- Born: 1742 Augusta County, Colony of Virginia
- Died: May 3, 1835 (aged 92–93) Boiling Springs, US
- Burial place: Twitty-Graham Cemetery, Boiling Springs, North Carolina
- Spouse: Susannah Beller Twitty
- Children: Sarah (Graham) Irvine
- Military career
- Allegiance: United States
- Branch: North Carolina militia
- Service years: 1775–1781
- Rank: Colonel
- Unit: Tryon County Regiment, Lincoln County Regiment
- Commands: Tryon County Regiment, Lincoln County Regiment
- Conflicts: Battle of Moore's Creek Bridge Cherokee Expedition Battle of Graham's Fort

= William Graham (colonel) =

American Revolution commander

Colonel William Graham (1742 – 1835) was commander of the Tryon County and Lincoln County Regiments of the North Carolina militia and political leader from North Carolina during the American Revolution.

==Early life==
William Graham was born in 1742 in Augusta County, Colony of Virginia. He was the son of Archibald Graham of Scotland. The younger Graham moved to the Province of North Carolina several years before the American Revolutionary War. There he was one of forty signers of the Tryon Resolves. In 1776, he served as a delegate from the extinct Tryon County, North Carolina to the 3rd and 5th North Carolina Provincial Congress. After Tryon County was dissolved in 1779, he lived in Lincoln and Cleveland Counties.

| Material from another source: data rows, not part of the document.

(* Let $\mathcal K$ be a finitely complete 2-category with a good yoneda structure. Let $C$ be small, $i:M\to\mathcal PC$ and $f:C\to A$ with $M$ and $f$ admissible. Then the colimit of $f$ weighted by $i$ exists iff there is an admissible 1-cell $\mathrm{col}(i,f):M\to A$ together with an isomorphism $A(\mathrm{col}(i,f),1)\cong\mathcal PC(i,A(f,1))$.
   Context: Given $f:A\to C$, $g:A\to B$, $h:B\to C$, a 2-cell $\phi:f\Rightarrow hg$ exhibits $g$ as a left lifting of $f$ along (through) $h$ if for every $k:A\to B$, $\kappa\mapsto(h\kappa)\cdot\phi$ is a bijection from 2-cells $g\Rightarrow k$ to 2-cells $f\Rightarrow hk$; it is absolute if $\phi j$ exhibits $gj$ as a left lifting of $fj$ along $h$ for all $j:D\to A$; $\phi$ exhibits $h$ as a left extension of $f$ along $g$ if for every $k:B\to C$, $\kappa\mapsto(\kappa g)\cdot\phi$ is a bijection from 2-cells $h\Rightarrow k$ to 2-cells $f\Rightarrow kg$; it is pointwise if for every $c:X\to B$, with lax pullback $p:g/c\to A$, $q:g/c\to X$, $\lambda:gp\Rightarrow cq$, $(h\lambda)\cdot(\phi p)$ exhibits $hc$ as a left extension of $fp$ along $q$. A good yoneda structure on a finitely complete 2-category: a class of admissible 1-cells with $fg$ admissible whenever $f$ is; an object $A$ is admissible when $1_A$ is; for admissible $A$ an object $\mathcal PA$ and admissible $y_A:A\to\mathcal PA$; for $f:A\to B$ with $A$, $f$ admissible a 1-cell $B(f,1):B\to\mathcal PA$ and 2-cell $\chi^f:y_A\Rightarrow B(f,1)f$; such that (i) $\chi^f$ exhibits $f$ as an absolute left lifting of $y_A$ through $B(f,1)$; (ii) if $A$, $f:A\to B$ admissible and $\psi:y_A\Rightarrow kf$ exhibits $f$ as an absolute left lifting of $y_A$ along $k$, then $\psi$ exhibits $k$ as a pointwise left extension of $y_A$ along $f$. $C$ is small if $C$ and $\mathcal PC$ are admissible. Notation: $B(f,x)$ means $B(f,1)x$; thus for admissible $i:M\to\mathcal PC$ (admissible here since $\mathcal PC$ is admissible), $\mathcal PC(i,A(f,1))=\mathcal PC(i,1)A(f,1):A\to\mathcal PM$. For $C$ small, $i:M\to\mathcal PC$, $f:C\to A$ with $M$, $f$ admissible, a colimit of $f$ weighted by $i$ is an admissible $\mathrm{col}(i,f):M\to A$ with a 2-cell $\eta:i\Rightarrow A(f,1)\mathrm{col}(i,f)$ exhibiting $\mathrm{col}(i,f)$ as an absolute left lifting of $i$ through $A(f,1)$. *)

From Corelib Require Import ssreflect ssrfun ssrbool.

Record pre2cat := Pre2Cat {
  ob : Type;
  hom : ob -> ob -> Type;
  cell : forall A B : ob, hom A B -> hom A B -> Type;
  id1 : forall A : ob, hom A A;
  comp1 : forall A B C : ob, hom B C -> hom A B -> hom A C;
  id2 : forall (A B : ob) (f : hom A B), cell A B f f;
  vcomp : forall (A B : ob) (f g h : hom A B),
      cell A B g h -> cell A B f g -> cell A B f h;
  hcomp : forall (A B C : ob) (g g' : hom B C) (f f' : hom A B),
      cell B C g g' -> cell A B f f' ->
      cell A C (comp1 A B C g f) (comp1 A B C g' f')
}.

Arguments hom {p} _ _.
Arguments cell {p A B} _ _.
Arguments id1 {p} _.
Arguments comp1 {p A B C} _ _.
Arguments id2 {p A B} _.
Arguments vcomp {p A B f g h} _ _.
Arguments hcomp {p A B C g g' f f'} _ _.

Definition cast2 {K : pre2cat} {A B : ob K} {f f' g g' : hom A B}
  (ef : f = f') (eg : g = g') (a : cell f g) : cell f' g' :=
  match ef in _ = x, eg in _ = y return cell x y with
  | eq_refl, eq_refl => a end.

He married the widow Susannah (Beller) Twitty before 1780.

==Military service==
He served as a colonel and commandant over two regiments in the North Carolina militia from 1775 to 1781:
- Colonel over the Tryon County Regiment of the North Carolina militia (17751779), This regiment became the Lincoln County Regiment after Tryon County was dissolved.
- Colonel over the Lincoln County Regiment of the North Carolina militia (1779–1781)

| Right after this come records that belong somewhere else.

Lemma sum_digitwise_weighted_bounds g n (A : nat -> pred nat) (F : nat -> nat) a b lo hi :
  0 < g ->
  (forall j, a <= \sum_(0 <= d < g) A j d <= b) ->
  (forall K, K < g ^ n -> lo <= F K <= hi) ->
  a ^ n * lo <= \sum_(0 <= K < g ^ n) digitwise g n A K * F K <= b ^ n * hi.
Proof.
move=> g_gt0 bound_A bound_F.
have bound_digits : a ^ n <= \sum_(0 <= K < g ^ n) digitwise g n A K <= b ^ n.
  have prod_const c : c ^ n = \prod_(0 <= j < n) c by rewrite prod_nat_const_nat subn0.
  rewrite sum_digitwise // !prod_const.
  by apply/andP; split; apply: leq_prod => j _; case/andP: (bound_A j).
case/andP: bound_digits => ge_a le_b; apply/andP; split.
  apply: leq_trans (leq_mul ge_a (leqnn lo)) _.
  rewrite big_distrl /= big_nat_cond [X in _ <= X]big_nat_cond.
  apply: leq_sum => K; rewrite andbT => /andP[_ /bound_F].
  by case/andP=> ge_lo _; rewrite leq_mul2l ge_lo orbT.
apply: leq_trans (leq_mul le_b (leqnn hi)).
rewrite big_distrl /= big_nat_cond [X in _ <= X]big_nat_cond.
apply: leq_sum => K; rewrite andbT => /andP[_ /bound_F].
by case/andP=> _ le_hi; rewrite leq_mul2l le_hi orbT.
Qed.

Lemma mul_modn_carry g x p : 0 < p ->
  g * (x %% p) = g * x %% p + p * (g * x %/ p %% g).
Proof.
move=> p_gt0.
have quot : g * x %/ p = x %/ p * g + g * (x %% p) %/ p.
  by rewrite {1}(divn_eq x p) mulnDr mulnA divnMDl // [g * _]mulnC.
have [-> | g_gt0] := posnP g; first by rewrite !mul0n mod0n div0n muln0.
have small : g * (x %% p) %/ p < g by rewrite ltn_divLR // ltn_pmul2l ?ltn_pmod.
by rewrite quot modnMDl (modn_small small) -modnMmr [p * _]mulnC addnC -divn_eq.
Qed.

Lemma divn_expn_mul g n i y p : 0 < g -> i <= n ->
  g ^ i * y %/ p = g ^ n * y %/ p %/ g ^ (n - i).
Proof.
move=> g_gt0 le_in; rewrite -divnMA -[LHS](@divnMl (g ^ (n - i))) ?expn_gt0 ?g_gt0 //.
by rewrite mulnA -expnD subnK // [_ * p]mulnC.
Qed.

Lemma all_iota_stepwise n (A B : pred nat) :
  (forall i, i < n -> A i -> A i.+1 = B i) ->
  all A (iota 0 n.+1) = A 0 && all B (iota 0 n).
Proof.
move=> step; apply/allP/andP => [allA | [A0 /allP allB] i].
  split; first by apply: allA; rewrite mem_iota.
  apply/allP => i; rewrite mem_iota add0n => /andP[_ lt_in].
  by rewrite -step // allA // mem_iota; apply/andP; split => //; apply: ltnW.
rewrite mem_iota add0n => /andP[_]; elim: i => // i IHi lt_in.
by rewrite step ?allB ?mem_iota ?IHi // ltnW.
Qed.

Lemma all_iota_rev n (P : pred nat) :
  all (fun i => P (n.-1 - i)) (iota 0 n) = all P (iota 0 n).
Proof.
apply/allP/allP => all_P i; rewrite mem_iota add0n => /andP[_ lt_in].
  by have := all_P (n.-1 - i); rewrite subKn; [apply; rewrite mem_iota | ]; lia.
by apply: all_P; rewrite mem_iota; lia.
Qed.

Definition carry_ok (p v g : nat) (zz : nat -> nat) (i d : nat) : bool :=
  zz i.+1 + p * d == g * zz i %[mod v].

Section Orbit.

As a colonel of militia, he served under General Griffith Rutherford of the Salisbury District Brigade. He was part of the successful Light Horse expedition against the Cherokee in 1776.

In 1780, he missed the Battle of Ramseur's Mill. That same year Graham marched with his troops in the expedition that led to the famous Battle of Kings Mountain, but again due to an illness in his family, he was not with his men when the battle was fought. Colonel Joseph Dickson took his place.

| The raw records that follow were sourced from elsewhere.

(* As [spread > 2 (fM - fm)], the collisions representing [z - fM] and [z - fm] share their
   first element [g], which forces the second one of [z - fM] to be [fM]; the collision
   representing [z - g] is then [(g, g)]. *)
Lemma collisions_sparse z : exists f, F f /\ ~ collisions (z - f).
Proof.
  apply NNPP. intro Hnone.
  assert (Hall : forall f, F f -> collisions (z - f))
    by (intros f Ff; apply NNPP; intro; apply Hnone; eauto).
  assert (Hspread : 2 * (fM - fm) < spread)
    by (unfold spread; pose proof (F_bounds fm F_fm); nia).
  assert (Hzero : forall q, - 2 * (fM - fm) <= spread * q <= 2 * (fM - fm) -> q = 0)
    by (intros q Hq; destruct (Z.lt_trichotomy q 0) as [| [|]]; nia).
  destruct (Hall fM F_fM) as (g & g' & Fg & Fg' & _ & Hg).
  destruct (Hall fm F_fm) as (h & h' & Fh & Fh' & _ & Hh).
  pose proof (F_bounds g Fg). pose proof (F_bounds g' Fg').
  pose proof (F_bounds h Fh). pose proof (F_bounds h' Fh').
  assert (h = g) by (enough (h - g = 0) by lia; apply Hzero; lia). subst h.
  assert (Hg' : g' = fM) by lia. subst g'.
  destruct (Hall g Fg) as (k & k' & Fk & Fk' & Hkk' & Hk).
  pose proof (F_bounds k Fk). pose proof (F_bounds k' Fk').
  assert (k = g) by (enough (k - g = 0) by lia; apply Hzero; lia). subst k.
  apply Hkk'. lia.
Qed.

Lemma cover_shift_a j z : lo <= j <= hi -> z mod m = sh (a j) -> sumset C complement z.
Proof.
  intros Hj Hz.
  assert (Haj := layout_a_range _ _ _ _ _ _ layout j Hj).
  destruct (classic (C0 (z - sh (a j)))) as [HC | HnC].
  - exists (z - sh (a j)), (sh (a j)). repeat split; [left; auto | left; eauto | lia].
  - assert (Hg : (z - sh (a j)) mod m = 0)
      by (rewrite Zminus_mod, Hz, shift_mod, Z.sub_diag; reflexivity).
    destruct (T_gap j Hj _ Hg HnC) as [f [w [Ff [Hfw HT]]]].
    exists f, (sh (a j) + w). repeat split; [right; auto | | lia].
    right; left. exists j. split; [exact Hj | split].
    + replace (sh (a j) + w) with (z - f) by lia. apply mod_sub_F; auto.
    + intros f' Ff'. replace (sh (a j) + w - sh (a j) + f') with (w + f') by ring. auto.
Qed.

Lemma cover_a j z : lo <= j <= hi -> z mod m = a j -> sumset C complement z.
Proof.
  intros Hj Hz. destruct (a_class j Hj) as [Hfree | Hreach].
  - exists fM, (z - fM). repeat split; [right; auto | | lia].
    right; right; right. rewrite (mod_sub_residue m ft), Hz by auto. exact Hfree.
  - destruct (Hreach z Hz) as [c [Hc HT]].
    exists c, (z - c). repeat split; [left; auto | | lia].
    right; left. exists j. split; [exact Hj | split; [| exact HT]].
    rewrite mod_sub_multiple; auto.
Qed.

Lemma cover_x z : z mod m = x -> sumset C complement z.
Proof.
  intros Hz.
  set (N := Z.abs z + Z.abs (sh x + spread * fm - fM) + 1).
  assert (HN : N <= m * N) by (unfold N; nia).
  exists (m * N), (z - m * N). repeat split; [left; apply C0_nat; lia | | lia].
  right; right; left. split.
  - rewrite mod_sub_multiple; [auto |]. rewrite Z.mul_comm. apply Z_mod_mult.
  - intros (f & f' & Ff & Ff' & _ & Heq).
    assert (spread * fm <= spread * f)
      by (apply Z.mul_le_mono_nonneg_l; [unfold spread; pose proof (F_bounds fm F_fm); nia
                                        | apply F_bounds, Ff]).
    pose proof (F_bounds f' Ff'). lia.
Qed.

Lemma cover_shift_x z : z mod m = sh x -> sumset C complement z.
Proof.
  intros Hz. destruct (collisions_sparse z) as [f [Ff Hf]].
  exists f, (z - f). repeat split; [right; auto | | lia].
  right; right; left. split; [| exact Hf].
  apply mod_sub_F; auto. apply (layout_x_range _ _ _ _ _ _ layout).
Qed.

He did participate in skirmishes at Thicketty Fort, South Carolina on July 26, 1780; Wofford's Iron Works, South Carolina on August 8, 1780; and Graham's Fort (his) in September of 1780.

William Graham was the oldest Colonel in the frontier parts of western North Carolina. He was involved in the selection of localities for Forts, which had to be erected and provided with a garrison. He directed the forts at Waddleboro, Earles White Oak, Russells and Botts. He received information about threats from spies that reported to him.

==Death==
He was residing in Rutherford County, North Carolina in October 1832. He died on May 3, 1835. Graham was buried at the Twitty-Graham Cemetery, Boiling Springs, Cleveland County, North Carolina.